How Employees’ Safety Could Be At Risk From A Data Breach
Collecting employee data has never been more important to employers. In a security-conscious culture, it’s an important part of the vetting process, which can be ongoing as promotions enable access to more sensitive company data. HR needs data to manage equalities monitoring and to keep track of any special employee support needs. But data leaks can place employees at risk, and in this age of cyber warfare, that’s an ever-increasing problem. In making data more secure, it is first important for business owners and managers to understand why that security matters.
Identity theft
Cases of identity fraud increased by 57% in the UK in 2015, affecting more than 148,000 people. Because they can be difficult to prove and don’t always involve the loss of large sums of money, many cases like this go unreported and may even go unnoticed by the victim, but they still leave people worse off and in some cases they can devastate lives. They can also lead to individuals being wrongly held responsible for fraud offences and for running up debts, creating a host of problems for them, which can take years to sort out. The more pieces of their personal information an identity thief has, the more vulnerable individuals are. As employee records often hold name, address and date of birth in the same place, sometimes alongside bank details, it’s particularly important to ensure that they’re secure.
Sensitive personal data
Sometimes employees’ data can be sensitive in other ways. For instance, people who are on the run from abusive former partners or families who want to force them into unwanted marriages could be in real physical danger if their details become available to the public, and private detectives may use hacking as a means to try and track them down. LGBT people and members of some religious or ethnic minority groups can be at risk of persecution, with things they are happy to be open about in a friendly workplace potentially putting them at risk elsewhere. Employees in situations like this can be vulnerable to blackmail if their information is leaked, which could in turn put the company at risk.
Business decisions and personal consequences
In some cases, employees can be at risk if people know who they work for, as the company itself may have attracted enemies. For instance, employees of companies that engage in animal experimentation have sometimes been targeted at home by aggressive activists, as have workers from family planning clinics. If your work involves anything controversial, it’s important to think carefully about employee safety, and data security is part of that.
Data storage considerations
What can you do to secure data more effectively? Following these five steps is a good start:
- Keep track of exactly where data is stored and who has access to it.
- Ensure that all employees understand the importance of using strong passwords.
- Make sure employees know how to identify and report possible security breaches.
- Employ or contract in professional IT staff and have a dedicated security budget.
- Conduct regular reviews and risk assessments and take quick action on any weaknesses found.

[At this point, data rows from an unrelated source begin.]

(* Euler's inequality [V - E + F <= 2] for the connected map with faces [a],
   edges [b] and vertices [b * a].  If [b x] is not on the [a]-cycle of [x],
   moving the transposition [t] from [b] into [a] merges two faces, splits an
   edge, and leaves [b * a] and transitivity unchanged. *)
Lemma genus_bound b a : involutive b -> perm_transitive a b ->
  #|porbits a| + #|porbits b| + #|porbits (b * a)| <= #|X| + 2.
Proof.
have [n] := ubnP #|moved b|; elim: n b a => // n IH b a lt_bn bK trab.
have [x /= bx | ba] := pickP [pred z | b z \notin porbit a z]; last first.
  have := porbits_involution_mul a bK.
  have := card_porbits_le1 trab (fun z => negbFE (ba z)); lia.
have bxx : b x != x by apply: contraNneq bx => ->; apply: porbit_id.
pose t := tperm x (b x); pose a' := t * a; pose b' := peel b x.
have hn' : #|moved b'| < n by rewrite (leq_trans (moved_peel bK bxx)).
have card_a' : #|porbits a'| + 1 = #|porbits a|.
  by apply: porbits_tperm_mul_merge; rewrite porbit_sym.
have ta' : t * a' = a by rewrite /a' mulgA tperm2 mul1g.
have xa'bx : x \in porbit a' (b x).
  by apply/negPn/negP => /porbits_tperm_mul_merge; rewrite -/t ta'; lia.
have tS S : {in S, forall z, a' z \in S} -> {in S, forall z, t z \in S}.
  move=> clS z zS; have Sa'z := subsetP (porbit_sub clS zS).
  have [zx|zx] := eqVneq z x; first by rewrite zx tpermL Sa'z // porbit_sym zx.
  have [zbx|zbx] := eqVneq z (b x); first by rewrite zbx tpermR Sa'z // zbx.
  by rewrite tpermD // eq_sym.
have tra'b' : perm_transitive a' b'.
  move=> S clA clB; apply: trab => z zS.
    by rewrite -[z](tpermK x (b x)) -/t -permM -/a' clA ?tS.
  by rewrite (mul_peel b x) permM clB ?tS.
have ba : b * a = b' * a' by rewrite {1}(mul_peel b x) (peelC x bK) -mulgA.
have IHb := IH b' a' hn' (peelK x bK) tra'b'.
rewrite -ba (card_porbits_peel bK bxx) in IHb.
suff -> : #|porbits a| + #|porbits b| = #|porbits a'| + (#|porbits b| + 1) by [].
by rewrite -card_a' addnAC addnA.
Qed.

End PermGenus.

Section OuterFaceOfSubgraph.
Variables (D V : finType) (tail : D -> V) (alpha sigma : D -> D)
  (reflex : pred D) (o : D) (VH : {set V}) (EH : {set D}).
Hypotheses (sigma_inj : injective sigma) (alphaK : involutive alpha)
  (alpha_neq : forall d, alpha d != d)
  (fconnect_sigma : forall d e, fconnect sigma d e = (tail d == tail e))
  (connect_adj : forall u v, connect (adj tail alpha) u v)
  (euler : #|V| + fcard (phi alpha sigma) D = #|D|./2 + 2)
  (no_loop : forall d, tail (alpha d) != tail d)
  (no_multi_edge : forall d e,
     tail d = tail e -> tail (alpha d) = tail (alpha e) -> d = e)
  (convex3 : forall d, ~~ same_face alpha sigma o d ->
     #|[set e | same_face alpha sigma d e & ~~ reflex e]| = 3)
  (reflex1 : forall v, #|[set d | (tail d == v) & reflex d]| = 1)
  (face_size : forall d, ~~ same_face alpha sigma o d ->
     (fingraph.order (phi alpha sigma) d == 3) ||
     (fingraph.order (phi alpha sigma) d == 4))
  (subH : subgraph tail alpha VH EH).

Local Notation ph := (phi alpha sigma).

Definition outer : pred D := [pred d | same_Hface alpha sigma EH o d].
Definition inner : pred D := [predC outer].

(* [halpha] glues the two sides of each edge of T outside H; [hsigma] walks
   along the boundary of a face of H, following a face of T at darts of H and
   turning around the vertex at the other darts. *)
Definition halpha d := if d \in EH then d else alpha d.
Definition hsigma d := ph (halpha d).

Lemma alpha_inj : injective alpha. Proof. exact: inv_inj. Qed.
Lemma ph_inj : injective ph. Proof. by move=> x y /sigma_inj /alpha_inj. Qed.
Lemma sigmaE d : sigma d = ph (alpha d). Proof. by rewrite /phi alphaK. Qed.

Lemma tail_sigma d : tail (sigma d) = tail d.
Proof. by apply/esym/eqP; rewrite -fconnect_sigma fconnect1. Qed.

Lemma tail_ph d : tail (ph d) = tail (alpha d). Proof. exact: tail_sigma. Qed.

Lemma EH_alpha d : (alpha d \in EH) = (d \in EH).
Proof.
apply/idP/idP => h; last by case/andP: (subH h).
by rewrite -[d]alphaK; case/andP: (subH h).
Qed.

Lemma EH_VH d : d \in EH -> tail d \in VH.
Proof. by case/subH/andP. Qed.

Lemma halphaK : involutive halpha.
Proof.
move=> d; rewrite /halpha; have [dE|dE] := boolP (d \in EH); first by rewrite dE.
by rewrite EH_alpha (negbTE dE) alphaK.
Qed.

If you do suspect a breach, you should tackle it as soon as possible, and never assume that it’s too late. If computers are turned on, leave them on; if they’re off, leave them off. This will help to preserve evidence that could be used to track the culprit, and it will make it easier for a specialist such as Fields Data Recovery to help you retrieve any information that has been deleted by hackers, giving you a clearer picture of what you need to deal with.
The Data Protection Act
All UK employers are obliged to comply with the 1998 Data Protection Act, which sets out a series of rules regarding how you look after personal information given to you by your employees. It doesn’t require you to be free from bad luck, but it does require you to think sensibly about how data is managed and who has access to it, so you should make sure you’ve read the Act (or at least a summary of it) before amending your data policy.
One question that’s always worth asking is whether you really need to collect as much data as you do. Often, data administrators ask for information out of habit or because everybody else does it, without thinking about whether or not it will serve any useful purpose. Data also has a habit of building up in systems, even when it’s no longer relevant, so regular clear-outs can reduce the amount of risk you’re exposed to.
Nothing can make you immune to data theft, but sensible data management means that you – and your employees – will be far safer overall.